> WHAT IS EXPECTED:
When you reach the line containing "Definition path_prob (m" in the records below, start copying exactly, and stop once you have copied the line containing "n m parent choices".

> DATA EXTRACT:
Definition resolving (sigma : V -> R) (Bs : {set {ffun V -> V}}) : Prop :=
  forall B B' : {ffun V -> V}, is_bracket B -> is_bracket B' -> B != B' ->
    exists2 Bi, Bi \in Bs & score sigma Bi B != score sigma Bi B'.

End Digraph.

Definition subT (V : finType) (E : rel V) (u : V) : {set V} :=
  [set v | Pof setT E v \subset Pof setT E u].

(* Every bracket C of T_u is extended to T: for a player a outside P(u), a wins
   all its matches outside T_u and every other match x outside T_u goes to a
   default winner chosen from P(x) \ P(u); the extension "None" uses the default
   winners only.  Assign brackets of B_u to the parts of A, injectively if
   |A| <= |B_u| and onto otherwise.  The family consists of the extension, for
   each a, of the bracket assigned to the part of a, together with the default
   extensions of the |B_u| - |A| unassigned brackets.

   Let B, B' score equally against the whole family.  Take a lowest match y
   outside T_u where they differ and one of them, say B, picks a player a
   outside P(u); let b be a player of the part of a that plays in every match of
   a, and compare the extensions of one bracket for a and for b.  Relative to B',
   the one for a gains on B at least as much as the one for b at every match: only
   matches above y are affected, and there a can only agree with B and b only
   with B'.  At y the gain is strictly larger, by sigma(y) > 0, a contradiction.
   Hence outside T_u, B and B' differ only at matches won by players of P(u), the
   score of an extension reduces to a score in T_u, and resolvability of B_u
   makes B and B' agree on T_u; then they agree at u and therefore everywhere. *)

From mathcomp Require Import all_boot all_order all_algebra reals.
From mathcomp Require Import lra.
Import Order.TTheory GRing.Theory Num.Theory.
Set Implicit Arguments. Unset Strict Implicit. Unset Printing Implicit Defensive.

Lemma exists_map_uncovered_card (T1 T2 : finType) (X : {set T1}) (Y : {set T2}) :
  Y != set0 ->
  exists f : T1 -> T2, (forall x, f x \in Y) /\ #|Y :\: f @: X| = (#|Y| - #|X|)%N.
Proof.
case/set0Pn=> y0 y0Y.
pose f x := nth y0 (enum Y) (index x (enum X)).
have fY x : f x \in Y.
  rewrite /f; case: (ltnP (index x (enum X)) (size (enum Y))) => [lt_iY | le_Yi].
    by rewrite -mem_enum mem_nth.
  by rewrite nth_default.
have fXY : f @: X \subset Y by apply/subsetP=> _ /imsetP[x _ ->].
exists f; split=> //; rewrite cardsD (setIidPr fXY).
have [leXY | ltYX] := leqP #|X| #|Y|.
  have iY z : z \in X -> (index z (enum X) < size (enum Y))%N.
    by move=> zX; rewrite -cardE (leq_trans _ leXY) // cardE index_mem mem_enum.
  congr (_ - _)%N; apply: card_in_imset => x x' xX x'X /eqP.
  rewrite /f nth_uniq ?iY ?enum_uniq //.
  by move/eqP/(congr1 (nth x (enum X))); rewrite !nth_index ?mem_enum.
have /set0Pn[x0 _] : X != set0 by rewrite -card_gt0 (leq_ltn_trans _ ltYX).
suff -> : f @: X = Y by rewrite subnn; apply/esym/eqP; rewrite subn_eq0 ltnW.
apply/eqP; rewrite eqEsubset fXY; apply/subsetP=> y yY.
have iY : (index y (enum Y) < #|Y|)%N by rewrite cardE index_mem mem_enum.
have iX : (index y (enum Y) < size (enum X))%N by rewrite -cardE (ltn_trans iY).
apply/imsetP; exists (nth x0 (enum X) (index y (enum Y))); first by rewrite -mem_enum mem_nth.
by rewrite /f index_uniq ?enum_uniq // nth_index ?mem_enum.
Qed.

Section Tournament.
Variables (V : finType) (E : rel V).
Hypothesis SET : is_SET setT E.

Local Notation e := (Er setT E).
Local Notation P := (Pof setT E).
Local Notation pl := (players setT E).
Local Notation ms := (matches setT E).

Lemma out_edge_uniq v y y' : e v y -> e v y' -> y = y'.
Proof.
move=> evy evy'; case: SET => _ out1 _ _.
have /cards1P[z out_v] : #|out_nb setT E v| == 1%N.
  apply/eqP/out1; rewrite ?in_setT // /is_sink in_setT -lt0n card_gt0.
  by apply/set0Pn; exists y; rewrite inE.
have : y \in out_nb setT E v by rewrite inE.
have : y' \in out_nb setT E v by rewrite inE.
by rewrite out_v !inE => /eqP-> /eqP->.
Qed.

Lemma edge_acyclic x y : e x y -> ~~ connect e y x.
Proof. by case: SET => _ _ acyc _; apply: acyc. Qed.

Lemma edge_irrefl x : ~~ e x x.
Proof. by apply/negP=> exx; move: (edge_acyclic exx); rewrite connect0. Qed.

Lemma connect_first x z : connect e x z -> x != z -> exists2 y, e x y & connect e y z.
Proof.
case/connectP=> [[|y p] /= xp ->]; first by rewrite eqxx.
by case/andP: xp => exy yp _; exists y => //; apply/connectP; exists p.
Qed.
(* Let $m\ge1$ and consider a preferential (dynamic) attachment circuit of index $m$. For $0\le j\le n$ let $D^{(m)}_{n,j}$ be the degree (indegree plus outdegree, edges counted with multiplicity) of node $j$ at time $n$. Then for $n\ge j$ and every integer $d$, $$\mathbb{P}\bigl(D^{(m)}_{n,j}=d\bigr)=\bigl(d-m(1-\delta_{j,0})\bigr)!\sum_{\substack{b_1+\cdots+b_{n-j}=m(n-j+1-\delta_{j,0})-d\\ 0\le b_1\le\min\{m,(m+1)j\}}}\left(\prod_{r=1}^{n-j}\binom{m}{b_r}\right)\frac{\prod_{r=1}^{n-j}\bigl\langle (m+1)j+\sum_{\ell=1}^{r-1}b_\ell+r-1\bigr\rangle_{b_r}}{\prod_{r=0}^{n-j-1}\langle (m+1)(j+r)+1\rangle_m},$$ where the sum is over tuples $(b_1,\dots,b_{n-j})$ of nonnegative integers.
   Context: Preferential (dynamic) attachment circuit of index $m\ge1$: at time $0$ there is a single node labeled $0$. At each time $n\ge1$ a new node labeled $n$ is added and $m$ parents are chosen for it one at a time, with replacement, among nodes $0,\dots,n-1$. Before the $(i+1)$-th choice ($i=0,\dots,m-1$), each existing node $v$ is chosen with probability $\frac{d_i(v)+1}{\sum_{x}(d_i(x)+1)}$, where $d_i(x)$ is the outdegree of $x$ in the current multigraph including the edges created by the first $i$ choices for node $n$; after each choice an edge from the chosen parent to node $n$ is immediately added (multi-edges allowed). $\langle x\rangle_s=x(x+1)\cdots(x+s-1)$ is the rising factorial, $\langle x\rangle_0=1$; $\delta_{j,0}$ is the Kronecker delta. *)

From mathcomp Require Import all_boot all_order all_algebra.
Set Implicit Arguments. Unset Strict Implicit. Unset Printing Implicit Defensive.
Import Order.TTheory GRing.Theory Num.Theory.
Local Open Scope ring_scope.

(* A full history up to time n is the flat sequence s of the n*m parent
   choices in chronological order: the k-th choice (k = 0,1,...) is the
   ((k mod m)+1)-th choice of node  k %/ m + 1.  The edge created by choice k
   goes from parent s_k to node k %/ m + 1. *)

Definition choice_time (m k : nat) : nat := (k %/ m).+1.

(* conditional probability of the k-th choice given the previous ones:
   node x is chosen w.p. (d(x)+1) / sum_{y < t} (d(y)+1), where d is the
   outdegree in the current multigraph (all previous choices). *)
Definition step_prob (m : nat) (s : seq nat) (k : nat) : rat :=
  let t := choice_time m k in
  let pre := take k s in
  let x := nth 0%N s k in
  if (x < t)%N then
    ((count_mem x pre).+1)%:R / (\sum_(y < t) (count_mem (y : nat) pre).+1)%:R
  else 0.

Definition path_prob (m n : nat) (s : seq nat) : rat :=
  \prod_(k < n * m) step_prob m s k.

Definition degree (m n : nat) (s : seq nat) (j : nat) : nat :=
  \sum_(k < n * m) ((nth 0%N s k == j) + (choice_time m k == j))%N.

(* P(D^{(m)}_{n,j} = d): sum over all histories (labels in 'I_n.+1; invalid
   histories have probability 0) *)
Definition prob_degree (m n j : nat) (d : int) : rat :=
  \sum_(s : (n * m).-tuple 'I_n.+1)
     if ((degree m n (map val s) j)%:Z == d) then path_prob m n (map val s) else 0.

Definition rising (x s : nat) : nat := \prod_(i < s) (x + i)%N.

(* factorial of an integer argument; convention 0 for negative arguments
   (only occurs where the accompanying sum vanishes) *)
Definition intfact (z : int) : nat :=
  match z with Posz k => k`! | Negz _ => 0%N end.

(* The degree of node j at time n is m (1 - δ_{j,0}) plus the number of the
   n m parent choices that hit j.  Every existing node has weight outdegree + 1,
   so after K choices, made while node t is being added, the weights sum to
   K + t, and the next choice hits j with probability (c + 1) / (K + t) if j
   has been hit c times so far.  This gives a two-term recurrence in K for the
   law of the number of hits.  Its solution at the end of block r (the m
   choices of node j + r) is c! S_r(r m - c), where S_r(b) sums, over all ways
   of splitting the b misses among the r blocks, the products of the factors
   C(m, b_i) <(m+1) j + b_1 + ... + b_{i-1} + i - 1>_{b_i} / <(m+1)(j+i-1)+1>_m;
   the rising factorial in the numerator records that each miss raises the
   weight of the other nodes by one. *)

From mathcomp Require Import all_boot all_order all_algebra.
From mathcomp Require Import ring zify.
Import Order.TTheory GRing.Theory Num.Theory.
Local Open Scope ring_scope.
Set Implicit Arguments. Unset Strict Implicit. Unset Printing Implicit Defensive.

Lemma big_tuple_cons (V : nmodType) (T : finType) r (F : r.+1.-tuple T -> V) :
  \sum_(b : r.+1.-tuple T) F b = \sum_(x : T) \sum_(t : r.-tuple T) F [tuple of x :: t].
Proof.
rewrite pair_big /= (reindex (fun p : T * r.-tuple T => [tuple of p.1 :: p.2])) //=.
exists (fun b : r.+1.-tuple T => (thead b, [tuple of behead b])).
  by move=> [x t] _ /=; congr pair; apply: val_inj.
by move=> b _; rewrite [RHS]tuple_eta.
Qed.

Lemma big_tuple_rcons (V : nmodType) (T : finType) r (F : r.+1.-tuple T -> V) :
  \sum_(b : r.+1.-tuple T) F b = \sum_(t : r.-tuple T) \sum_(x : T) F [tuple of rcons t x].
Proof.
have rev_inj k : injective (fun b : k.-tuple T => [tuple of rev b]).
  by move=> a b /(congr1 val) /(can_inj revK) ab; apply: val_inj.
rewrite (reindex_inj (rev_inj r.+1)) big_tuple_cons exchange_big [RHS](reindex_inj (rev_inj r)).
by apply: eq_bigr => t _; apply: eq_bigr => x _; congr F; apply: val_inj; rewrite /= rev_cons.
Qed.

Lemma big_tuple0 (V : nmodType) (T : finType) (F : 0.-tuple T -> V) :
  \sum_(b : 0.-tuple T) F b = F [tuple].
Proof. by rewrite (big_pred1 [tuple]) // => b; rewrite [b]tuple0 /= eqxx. Qed.

Lemma val_tnth_nth R N (t : R.-tuple 'I_N) i : (tnth t i : nat) = nth 0%N (map val t) i.
Proof. by rewrite -(tnth_map val) (tnth_nth 0%N). Qed.

Lemma sum_count_mem_ord (s : seq nat) T :
  (\sum_(y < T) count_mem (y : nat) s = count (fun x => x < T) s)%N.
Proof.
elim: s => [|x s IH] /=; first by rewrite big1.
rewrite big_split /= IH; congr (_ + _)%N.
have [xT|Tx] := ltnP x T.
  2: by rewrite big1 // => y _; rewrite gtn_eqF // (leq_trans (ltn_ord y) Tx).
rewrite (bigD1 (Ordinal xT)) //= eqxx big1 // => y /eqP yx.
by case: eqP => // xy; case: yx; apply: val_inj.
Qed.

Section Histories.
Variable m : nat.

Definition history_prob (s : seq nat) : rat := \prod_(k < size s) step_prob m s k.

Definition total_weight (s : seq nat) : nat :=
  \sum_(y < choice_time m (size s)) (count_mem (y : nat) s).+1.

Lemma path_prob_history n (s : (n * m).-tuple 'I_n.+1) :
  path_prob m n (map val s) = history_prob (map val s).
Proof. by rewrite /history_prob size_map size_tuple. Qed.

Lemma step_prob_rcons s x k : (k < size s)%N ->
  step_prob m (rcons s x) k = step_prob m s k.
Proof. by move=> ks; rewrite /step_prob nth_rcons ks -cats1 takel_cat // ltnW. Qed.

Lemma step_prob_rcons_last s x :
  step_prob m (rcons s x) (size s) =
  if (x < choice_time m (size s))%N then (count_mem x s).+1%:R / (total_weight s)%:R
  else 0.
Proof. by rewrite /step_prob nth_rcons ltnn eqxx -cats1 take_size_cat. Qed.

Lemma history_prob_rcons s x :
  history_prob (rcons s x) = history_prob s * step_prob m (rcons s x) (size s).
Proof.
rewrite /history_prob size_rcons big_ord_recr /=; congr (_ * _).
by apply: eq_bigr => k _; rewrite step_prob_rcons.
Qed.

Lemma history_prob_neq0_nth s : history_prob s != 0 ->
  forall k, (k < size s)%N -> (nth 0%N s k < choice_time m k)%N.
Proof.
move=> /prodf_neq0 s_valid k ks; have := s_valid (Ordinal ks) isT.
by rewrite /step_prob /=; case: ifP; rewrite ?eqxx.
Qed.

(* Every earlier choice is an edge out of an existing node, so the weights
   d(y) + 1 of the t existing nodes add up to (number of choices) + t. *)
Lemma total_weight_history s : history_prob s != 0 ->
  total_weight s = (size s + choice_time m (size s))%N.
Proof.
move=> s_valid; rewrite /total_weight.
under eq_bigr do rewrite -addn1.
rewrite big_split /= sum_count_mem_ord sum_nat_const card_ord muln1; congr (_ + _)%N.
apply/eqP; rewrite -all_count; apply/(all_nthP 0%N) => k ks.
apply: leq_trans (history_prob_neq0_nth s_valid ks) _.
by rewrite ltnS leq_div2r // ltnW.
Qed.

Lemma sum_step_prob n s : (choice_time m (size s) <= n.+1)%N -> history_prob s != 0 ->
  \sum_(x : 'I_n.+1) step_prob m (rcons s x) (size s) = 1.
Proof.
move=> le_tn s_valid; under eq_bigr do rewrite step_prob_rcons_last.
rewrite -big_mkcond /= (big_ord_narrow le_tn) -mulr_suml -natr_sum -/(total_weight s) divff //.
by rewrite total_weight_history // pnatr_eq0 addnS.
Qed.

Definition hit_prob (j K c : nat) : rat :=
  if (j < choice_time m K)%N then c.+1%:R / (K + choice_time m K)%:R else 0.

Lemma step_prob_hit j s :
  history_prob s * step_prob m (rcons s j) (size s) =
  history_prob s * hit_prob j (size s) (count_mem j s).
Proof.
have [->|s_valid] := eqVneq (history_prob s) 0; first by rewrite !mul0r.
by rewrite step_prob_rcons_last total_weight_history.
Qed.

Lemma count_mem_rcons (j : nat) s x :
  count_mem j (rcons s x) = (count_mem j s + (x == j))%N.
Proof. by rewrite -cats1 count_cat /= addn0. Qed.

> WRITTEN ANSWER:
Definition path_prob (m n : nat) (s : seq nat) : rat :=
  \prod_(k < n * m) step_prob m s k.

Definition degree (m n : nat) (s : seq nat) (j : nat) : nat :=
  \sum_(k < n * m) ((nth 0%N s k == j) + (choice_time m k == j))%N.

(* P(D^{(m)}_{n,j} = d): sum over all histories (labels in 'I_n.+1; invalid
   histories have probability 0) *)
Definition prob_degree (m n j : nat) (d : int) : rat :=
  \sum_(s : (n * m).-tuple 'I_n.+1)
     if ((degree m n (map val s) j)%:Z == d) then path_prob m n (map val s) else 0.

Definition rising (x s : nat) : nat := \prod_(i < s) (x + i)%N.

(* factorial of an integer argument; convention 0 for negative arguments
   (only occurs where the accompanying sum vanishes) *)
Definition intfact (z : int) : nat :=
  match z with Posz k => k`! | Negz _ => 0%N end.

(* The degree of node j at time n is m (1 - δ_{j,0}) plus the number of the
   n m parent choices that hit j.  Every existing node has weight outdegree + 1,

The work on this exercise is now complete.